(* Let $R$ be a Dedekind domain and let $A$ be a torsion-free $R$-module of finite rank. The following are equivalent: (a) $A$ is a self-pure-generator; (b) every pure submodule of $A$ of rank $1$ is $A$-generated; (c) $A$ has a quasi-direct summand $B$ of rank $1$ such that $\mathbf{type}(B)=\mathbf{IT}(A)$; (d) $A$ has a direct summand $B$ of rank $1$ such that $\mathbf{type}(B)=\mathbf{IT}(A)$.
   Context: $R$ is a Dedekind domain with quotient field $\mathbf{Q}$. A torsion-free $R$-module has rank $n$ if it embeds as an essential submodule of $\mathbf{Q}^n$. For a module $A$, a submodule $K$ is $A$-generated if there is an epimorphism $A^{(I)}\to K$ for some set $I$. $A$ is a self-pure-generator if every pure submodule of $A$ is $A$-generated. For $X\subseteq A$, $\langle X\rangle_\star$ denotes the pure submodule of $A$ generated by $X$. Two submodules $A,C$ of a $\mathbf{Q}$-vector space are quasi-equal if $\mathbf{Q}A=\mathbf{Q}C$ and $rC\le A$, $sA\le C$ for some nonzero $r,s\in R$. A quasi-homomorphism $A\to B$ is an element of $\mathbf{Q}\otimes_R\operatorname{Hom}(A,B)$; a quasi-isomorphism is an isomorphism in the category of finite rank torsion-free modules with these morphisms (equivalently, an injective homomorphism $f:A\to B$ with $f(A)$ quasi-equal to $B$, up to rescaling). $B$ is a quasi-direct summand of $A$ if there is a submodule $B'\oplus C\le A$ quasi-equal to $A$ with $B'$ quasi-isomorphic to $B$. The type $\mathbf{type}(B)$ of a rank $1$ torsion-free module $B$ is its quasi-isomorphism class; types are partially ordered by $\mathbf{type}(B)\le\mathbf{type}(C)$ iff there is a monomorphism $B\to C$, and form a lattice (for $B,C\le\mathbf{Q}$: $\inf=\mathbf{type}(B\cap C)$). For $0\ne a\in A$, $\mathbf{type}(a)=\mathbf{type}(\langle a\rangle_\star)$. The inner type $\mathbf{IT}(A)=\inf\{\mathbf{type}(x_1),\dots,\mathbf{type}(x_n)\}$ for a maximal independent system $x_1,\dots,x_n$ of $A$; it is independent of the choice and equals the greatest lower bound of the types of all nonzero elements of $A$. *)

From HB Require Import structures.
From mathcomp Require Import all_boot all_order all_algebra.
From mathcomp Require Import fraction.
From Stdlib Require List.
Set Implicit Arguments. Unset Strict Implicit. Unset Printing Implicit Defensive.
Import GRing.Theory.
Local Open Scope ring_scope.

(* Every torsion-free R-module of finite rank is (up to isomorphism) an
   R-submodule of Q^n = 'rV[{fraction R}]_n; all modules below are such
   submodules, represented as Prop-valued subsets of 'rV_n. *)

Section Defs.
Variable R : idomainType.
Local Notation Q := {fraction R}.
Local Notation "x %:F" := (@tofrac R x).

• [TASK INSTRUCTIONS] In the listing above, find the line with "From Stdlib Require List." and the line with "(* Every torsion-free", then print exactly those lines and every line between them.

• [SOLUTION FOR THIS EXERCISE]
From Stdlib Require List.
Set Implicit Arguments. Unset Strict Implicit. Unset Printing Implicit Defensive.
Import GRing.Theory.
Local Open Scope ring_scope.

(* Every torsion-free R-module of finite rank is (up to isomorphism) an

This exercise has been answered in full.